Ganti Joon yang menarik Ha-na. “Kau sudah sampai tahap ini, kau ingin mundur begitu saja?”
“Bukan begitu. Kau menggodaku dan aku ingin membalasmu...”
“Sstt.. Kau terlalu banyak bicara.” Joon memajukan badannya, Ha-na semakin mundur.
“Ha-na..,” panggil Yoon-hee. Ha-na dan Joon kaget dan terjatuh ke ranjang. (hahahahahaha...)
“Siapa itu? Siapa itu?” tanya Joon dengan kaget.
Ha-na langsung menutup mulut Joon. “Ya, Bu!” jawab Ha-na.
“Hei, bukankah kau bilang ibumu tidak pulang hari ini?” tanya Joon sambil berbisik-bisik.
“Ha-na, apakah kau di kamar?” tanya Yoon-hee lagi.
Ha-na menjawab sambil berpura-pura menguap. “Ya. Jangan masuk, Bu. Aku akan keluar.”
Yoon-hee merasa aneh. “Baiklah. Aku akan ganti baju dan keluar,” kata Yoon-hee lalu pergi ke kamarnya.
Joon dan Ha-na sama-sama merasa lega.
Joon berdiri dan berkata, “Keluar.”
“Apa?” tanya Ha-na kaget.
“Karena terjadi hal seperti ini, aku harus menyapanya lebih dulu."
“Dengan penampilan seperti ini?”
“Ah, iya..” Joon baru sadar penampilannya tidak karuan.
“Baju!” Ha-na baru ingat baju Joon yang tadi sedang dikeringkannya.
Joon kaget juga dan menyuruh Ha-na cepat-cepat mengambil bajunya.
Ha-na mengintip keluar, memastikan keadaan.
“Bu, kenapa kau kembali lebih awal? Bukankah kau bilang kau akan menginap di rumah sakit?” tanya Ha-na. Dia kemudian menyerahkan baju Joon dengan cepat-cepat.
Ha-na kemudian berlari-lari mengambil sepatu Joon. “Kalau soal pemindahan pohon, aku akan mengurusnya,” kata Ha-na untuk mengalihkan perhatian Yoon-hee.
Yoon-hee muncul. Ha-na menyembunyikan sepatu di belakangnya dan berjalan mundur, lalu melempar sepatu Joon ke dalam.
“Aku juga berharap kau pulang lebih awal,” kata Ha-na, berusaha menjaga agar tidak ketahuan Yoon-hee. Ha-na mendatangi Yoon-hee, mencegah Yoon-hee masuk ke ruang makan.

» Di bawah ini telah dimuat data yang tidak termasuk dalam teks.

(* Spectral decomposition [A = P^* diag d P] with [d >= 0]; take [B = diag (sqrt d) P]. *)
Lemma psd_gram n (A : 'M[C]_n) : psd A ->
  exists B : 'M[C]_n, forall a b, A a b = \sum_t (B t a)^* * B t b.
Proof.
move=> psdA.
have A_herm : A^t* = A.
  by apply/matrixP => a b; rewrite !mxE (psd_hermitian psdA b a).
have /orthomx_spectralP spectralA : A \is normalmx by apply/normalmxP; rewrite A_herm.
set P := spectralmx A in spectralA; set d := spectral_diag A in spectralA.
have P_unitary : P \is unitarymx by exact: spectral_unitarymx.
rewrite invmx_unitary // in spectralA.
have PPt : P *m P^t* = 1%:M by apply/unitarymxP.
have d_ge0 i : 0 <= d 0 i.
  have := psdA (P^t* *m delta_mx i 0).
  rewrite adjmxM spectralA !mulmxA.
  have -> : adjmx (P^t*) = P by apply/matrixP => x y; rewrite adjmxE !mxE conjCK.
  rewrite -(mulmxA _ P) PPt mulmx1 -(mulmxA _ P (P^t*)) PPt mulmx1.
  by rewrite qform_delta mxE eqxx mulr1n.
pose s : 'rV[C]_n := \row_i sqrtC (d 0 i).
exists (diag_mx s *m P) => a b.
have -> : \sum_t ((diag_mx s *m P) t a)^* * (diag_mx s *m P) t b =
   ((diag_mx s *m P)^t* *m (diag_mx s *m P)) a b.
  by rewrite mxE; apply: eq_bigr => t _; rewrite !mxE.
rewrite trmx_mul map_mxM tr_diag_mx map_diag_mx.
have -> : map_mx (@Num.conj C) s = s.
  by apply/matrixP => x y; rewrite !mxE conj_Creal // sqrtC_real.
rewrite mulmxA -[_ *m diag_mx s *m diag_mx s]mulmxA mulmx_diag.
have -> : \row_j (s 0 j * s 0 j) = d.
  by apply/matrixP => x y; rewrite !mxE ord1 -expr2 sqrtCK.
by rewrite -spectralA.
Qed.

End Gram.

(** * Choi matrices *)

(* [omega_mx n] is |Ω><Ω| for Ω = Σ_i |ii>, so [choi_mx M] is the unnormalised
   Choi matrix J(M) of the header. *)
Definition omega_mx n : 'M[C]_(n * n) :=
  \sum_(i < n) \sum_(j < n) delta_mx (tidx i i) (tidx j j).

Definition choi_mx n m (M : 'M[C]_n -> 'M[C]_m) : 'M[C]_(n * m) :=
  tensmap (@idmap R n) M (omega_mx n).

Lemma maxentE d : maxent R d = (d%:R)^-1 *: omega_mx d.
Proof. by []. Qed.

Lemma omega_mxE n (i k j l : 'I_n) :
  omega_mx n (tidx i k) (tidx j l) = (i == k)%:R * (j == l)%:R.
Proof.
rewrite summxE (eq_bigr (fun i' => (i == i')%:R * ((k == i')%:R * (j == l)%:R))).
  by rewrite sum_delta_l eq_sym.
move=> i' _; rewrite summxE (eq_bigr (fun j' =>
  (i == i')%:R * (k == i')%:R * ((j == j')%:R * (l == j')%:R))).
  by rewrite -mulr_sumr sum_delta_l [l == j]eq_sym mulrA.
by move=> j' _; rewrite mxE !tidx_eq -!mulnb !natrM.
Qed.

Lemma block_omega_mx n (i j : 'I_n) : block (omega_mx n) i j = delta_mx i j.
Proof.
apply/matrixP => k l; rewrite block_tidx omega_mxE mxE.
by rewrite -natrM mulnb [k == i]eq_sym [l == j]eq_sym.
Qed.

Lemma psd_omega_mx n : psd (omega_mx n).
Proof.
pose x (u : 'I_(n * n)) : C := ((mxtens_unindex u).1 == (mxtens_unindex u).2)%:R.
suff -> : omega_mx n = \matrix_(u, v) ((x u)^* * x v) by exact: psd_rank1.
apply/matrixP => u v; elim/tidx_ind: u => i k; elim/tidx_ind: v => j l.
by rewrite omega_mxE mxE /x !tidxK conjC_nat.
Qed.

Lemma mxtrace_omega_mx n : \tr (omega_mx n) = n%:R.
Proof.
rewrite /mxtrace sum_tidx -[n in RHS]card_ord -sumr_const; apply: eq_bigr => i _.
rewrite (bigD1 i) //= omega_mxE eqxx mulr1 big1 ?addr0 // => j /negPf ne_ji.
by rewrite omega_mxE eq_sym ne_ji mul0r.
Qed.

Lemma tensmapE n1 m1 n2 m2 (M1 : 'M[C]_n1 -> 'M[C]_m1) (M2 : 'M[C]_n2 -> 'M[C]_m2)
    X i j p q :
  tensmap M1 M2 X (tidx i p) (tidx j q) =
  \sum_(i' < n1) \sum_(j' < n1) M1 (delta_mx i' j') i j * M2 (block X i' j') p q.
Proof.
rewrite summxE; apply: eq_bigr => i' _; rewrite summxE.
by apply: eq_bigr => j' _; rewrite tensmx_tidx.
Qed.

Lemma tensmap_idE k n m (M : 'M[C]_n -> 'M[C]_m) X i j p q :
  tensmap (@idmap R k) M X (tidx i p) (tidx j q) = M (block X i j) p q.
Proof.
rewrite tensmapE (bigD1 i) //= [X in _ + X]big1 => [|i' /negPf ne_i'i]; last first.
  by rewrite big1 // => j' _; rewrite mxE eq_sym ne_i'i mul0r.
rewrite addr0 (bigD1 j) //= [X in _ + X]big1 => [|j' /negPf ne_j'j]; last first.
  by rewrite mxE eq_sym ne_j'j andbF mul0r.
by rewrite addr0 mxE !eqxx mul1r.
Qed.

Lemma choi_mxE n m (M : 'M[C]_n -> 'M[C]_m) r p r' q :
  choi_mx M (tidx r p) (tidx r' q) = M (delta_mx r r') p q.
Proof. by rewrite tensmap_idE block_omega_mx. Qed.

Section LinearMap.
Variables (n m : nat) (M : 'M[C]_n -> 'M[C]_m).
Hypothesis M_lin : is_linear_map M.

Lemma linear_map0 : M 0 = 0.
Proof.
have := M_lin 1 0 0; rewrite !scale1r addr0 => M0.
by apply: (addrI (M 0)); rewrite addr0 -M0.
Qed.

Lemma linear_mapD X Y : M (X + Y) = M X + M Y.
Proof. by have := M_lin 1 X Y; rewrite !scale1r. Qed.

Lemma linear_mapZ a X : M (a *: X) = a *: M X.
Proof. by have := M_lin a X 0; rewrite !addr0 linear_map0 addr0. Qed.

Lemma linear_map_sum (I : finType) (F : I -> 'M[C]_n) :
  M (\sum_i F i) = \sum_i M (F i).
Proof. by apply: (big_morph M); [exact: linear_mapD | exact: linear_map0]. Qed.

Lemma linear_map_expand X : M X = \sum_r \sum_r' X r r' *: M (delta_mx r r').
Proof.
rewrite {1}[X]matrix_sum_delta linear_map_sum; apply: eq_bigr => r _.
by rewrite linear_map_sum; apply: eq_bigr => r' _; rewrite linear_mapZ.
Qed.

End LinearMap.

Lemma is_linear_tensmap n1 m1 n2 m2 (M1 : 'M[C]_n1 -> 'M[C]_m1)
    (M2 : 'M[C]_n2 -> 'M[C]_m2) :
  is_linear_map M2 -> is_linear_map (tensmap M1 M2).
Proof.
move=> M2_lin c X Y; apply/matrixP => u v.
elim/tidx_ind: u => i p; elim/tidx_ind: v => j q.
rewrite !mxE !tensmapE mulr_sumr -big_split; apply: eq_bigr => i' _.
rewrite mulr_sumr -big_split; apply: eq_bigr => j' _.
have -> : block (c *: X + Y) i' j' = c *: block X i' j' + block Y i' j'.
  by apply/matrixP => k l; rewrite !mxE.
by rewrite M2_lin !mxE mulrDr mulrCA.
Qed.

“Apakah professor baik-baik saja?”
Yoon-hee mengangguk-anggukkan kepalanya.
“Bu, kau ketakutan kan? Kau kelihatannya lelah. Tidurlah lebih awal.”
Yoon-hee mengangguk dan masuk kamar.
Joon mulai gelisah di kamar Ha-na.
Joon mendengar pintu kamar Yoon-hee ditutup. Dia mengintip keluar.

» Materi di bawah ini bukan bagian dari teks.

Section L1.
Variable K : numFieldType.

Lemma l1_norm_le_upward : upward_closed (@l1_norm_le K).
Proof. by move=> v c c' cc' vc N; apply: le_trans (vc N) cc'. Qed.

Lemma l1_le_coord (u : nat -> K^o) (c : K) (j : nat) : l1_le u c -> `|u j| <= c.
Proof.
move=> /(_ j.+1); apply: le_trans; rewrite big_ord_recr /= lerDr.
by apply: sumr_ge0 => i _.
Qed.

Lemma l1_coord_continuous (j : nat) :
  Defs.norm_continuous (@l1_norm_le K) (@scal_norm_le K) (fun y : l1 K => l1val y j).
Proof. by move=> x e e0; exists e => // y; apply: l1_le_coord. Qed.

Lemma delta_seq_in (i : nat) : delta_seq K i \in @l1_pred K.
Proof. by apply/asboolP; exists 1; apply: l1_le_delta. Qed.

Definition l1_unit (i : nat) : l1 K := L1 (delta_seq_in i).

Lemma l1_norm_le_unit (i : nat) : l1_norm_le (l1_unit i) 1.
Proof. exact: l1_le_delta. Qed.

Definition l1_monomial (k : nat) (f : 'I_k -> nat) (y : l1 K) : K^o :=
  \prod_(i < k) l1val y (f i).

Lemma l1_monomial_spoly (k : nat) (f : 'I_k -> nat) :
  is_spoly (@l1_norm_le K) k (l1_monomial f).
Proof.
split; last first.
  apply: norm_continuous_prod; first exact: l1_norm_le_upward.
  by move=> i; exact: l1_coord_continuous.
exists (fun ys : 'I_k -> l1 K => \prod_(i < k) l1val (ys i) (f i) : K^o); split => // ys j a u v.
rewrite /update !(bigD1 j (P := predT)) //= !eqxx.
have other w : \prod_(i < k | i != j) l1val (if i == j then w else ys i) (f i) =
               \prod_(i < k | i != j) l1val (ys i) (f i).
  by apply: eq_bigr => i /negbTE ->.
rewrite !other /GRing.scale /=.
have -> : (a *: l1val u + l1val v) (f j) = a * l1val u (f j) + l1val v (f j) by [].
by rewrite mulrDl mulrA.
Qed.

Ha-na langsung menyuruh Joon cepat-cepat keluar. Joon keluar kamar dan menuju pintu depan, namun tidak menemukan sepatunya.
“Sepatu! Sepatu!” katanya tanpa suara.
“Nanti! Keluarlah dulu!” perintah Ha-na tanpa suara juga.

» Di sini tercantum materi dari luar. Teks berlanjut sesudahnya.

Lemma s_adj_sym (V : finType) (G : lgraph V) v x y : s_adj G v x y = s_adj G v y x.
Proof. by rewrite /s_adj (ladj_sym G x y) eq_sym (andbC (ladj G v x)). Qed.
Lemma s_adj_irr (V : finType) (G : lgraph V) v x : s_adj G v x x = false.
Proof. by rewrite /s_adj ladj_irr eqxx. Qed.
Lemma ladj_sym' (V : finType) (G : lgraph V) x y : ladj G x y = ladj G y x.
Proof. exact: ladj_sym. Qed.
Lemma ladj_irr' (V : finType) (G : lgraph V) x : ladj G x x = false.
Proof. exact: ladj_irr. Qed.

Definition graph_l (V : finType) (G : lgraph V) (v : V) : lgraph V :=
  @LGraph V (ladj G) (fun x => if x == v then ~~ lloop G x else lloop G x)
    (ladj_sym' G) (ladj_irr' G).
Definition graph_s (V : finType) (G : lgraph V) (v : V) : lgraph V :=
  @LGraph V (s_adj G v) (lloop G) (s_adj_sym G v) (s_adj_irr G v).
Definition graph_ns (V : finType) (G : lgraph V) (v : V) : lgraph V :=
  @LGraph V (s_adj G v) (fun x => lloop G x (+) ladj G v x)
    (s_adj_sym G v) (s_adj_irr G v).

Definition apply_lop (V : finType) (o : lop V) (G : lgraph V) : lgraph V :=
  match o with
  | Lop_l v => graph_l G v
  | Lop_s v => graph_s G v
  | Lop_ns v => graph_ns G v
  end.

Fixpoint apply_lops (V : finType) (G : lgraph V) (s : seq (lop V)) : lgraph V :=
  match s with
  | [::] => G
  | o :: s' => apply_lops (apply_lop o G) s'
  end.

Definition swap_kind (a b : kind) (k : kind) : kind :=
  if k == a then b else if k == b then a else k.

“Lalu bagaimana sepatuku?”
“Nanti. Nanti,” kata Ha-na sambil menunjuk-nunjuk jendela.
“Ha-na, apakah kau sudah membuat makan malam?” tanya Yoon-hee dari dalam kamar.
“Ah, ya. Sudah,” jawab Ha-na sambil mengambil sepatu Joon. Ha-na lalu ke jendela dan membukanya. Dia melempar sepatu Joon dan menyuruh Joon cepat-cepat pergi.
Joon memandang Ha-na dan mencium Ha-na dengan cepat. “Jangan telat kembali,” pesan Joon sambil tersenyum kemudian dia pergi. (hahahahaha... Kayak anak SMP takut ketauan pacaran sama ortu..) Ha-na masih kaget dan berbunga-bunga.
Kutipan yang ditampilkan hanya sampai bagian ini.